**Exercise directions:**
Transcribe exactly the line containing "Set Implicit Arguments." and the remaining lines of the listing below, through the very last.
======== Supplied records ========
Definition in_APs (q : V -> k) (alpha : V -> V -> C) (phi : TAlg -> TAlg) : Prop :=
  alg_aut alpha phi /\ exists2 g, in_Sp q g & lies_over phi g.

(* The extension 0 -> Vhat -> (preimage of H in APs_k(V)) -> H -> 1, for a
   subgroup H of Sp_k(V) given by the predicate P, splits: there is a group
   homomorphism s : H -> APs_k(V) with pi o s = id_H. *)
Definition ext_splits (alpha : V -> V -> C) (P : (V -> V) -> Prop) : Prop :=
  exists s : (V -> V) -> (TAlg -> TAlg),
    (forall g, P g -> alg_aut alpha (s g) /\ lies_over (s g) g) /\
    (forall g h, P g -> P h -> forall f : TAlg, s (g \o h) f = s g (s h f)).

End TwistedAlgebra.

From HB Require Import structures.
From mathcomp Require Import all_boot all_order all_algebra all_field.
From mathcomp Require Import reals complex.
From mathcomp Require Import ring zify.
From Stdlib Require Import FunctionalExtensionality.
Set Implicit Arguments. Unset Strict Implicit. Unset Printing Implicit Defensive.
Import Order.TTheory GRing.Theory Num.Theory.
Local Open Scope ring_scope.

(* A splitting s sends an isometric involution g of (V, q) to an involutive
   automorphism s(g) of C_alpha[V] lying over g, and the cocycle relation then
   forces s(g)(u_x) = (-1)^Tr(q x) u_x for every x = w + g(w).  If x lies in the
   images of 1 + g, 1 + h and 1 + gh for commuting g, h, multiplicativity of s
   gives (-1)^Tr(q x) = ((-1)^Tr(q x))^2 = 1.  Such g, h exist in Omega once
   dim V > 6: take pairwise orthogonal independent t_0, ..., t_3 with q(t_0) = 1
   and q(t_i) = 0 otherwise, the maps v |-> v + sum_ij B(v, t_i) M_ij t_j for
   two suitable symmetric invertible 0/1-matrices M, and x = l t_0 with
   Tr(l^2) <> 0. *)

Section CharTwo.
Variable k : finFieldType.
Hypothesis char2 : 2%N \in [pchar k].

Lemma sqrf_surj (y : k) : exists x, x ^+ 2 = y.
Proof.
have [f _ fK] := injF_bij (fmorph_inj (pFrobenius_aut char2)).
by exists (f y); rewrite -pFrobenius_autE fK.
Qed.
========
**Completed task:**
Set Implicit Arguments. Unset Strict Implicit. Unset Printing Implicit Defensive.
Import Order.TTheory GRing.Theory Num.Theory.
Local Open Scope ring_scope.

(* A splitting s sends an isometric involution g of (V, q) to an involutive
   automorphism s(g) of C_alpha[V] lying over g, and the cocycle relation then
   forces s(g)(u_x) = (-1)^Tr(q x) u_x for every x = w + g(w).  If x lies in the
   images of 1 + g, 1 + h and 1 + gh for commuting g, h, multiplicativity of s
   gives (-1)^Tr(q x) = ((-1)^Tr(q x))^2 = 1.  Such g, h exist in Omega once
   dim V > 6: take pairwise orthogonal independent t_0, ..., t_3 with q(t_0) = 1
   and q(t_i) = 0 otherwise, the maps v |-> v + sum_ij B(v, t_i) M_ij t_j for
   two suitable symmetric invertible 0/1-matrices M, and x = l t_0 with
   Tr(l^2) <> 0. *)

Section CharTwo.
Variable k : finFieldType.
Hypothesis char2 : 2%N \in [pchar k].

Lemma sqrf_surj (y : k) : exists x, x ^+ 2 = y.
Proof.
have [f _ fK] := injF_bij (fmorph_inj (pFrobenius_aut char2)).
by exists (f y); rewrite -pFrobenius_autE fK.
Qed.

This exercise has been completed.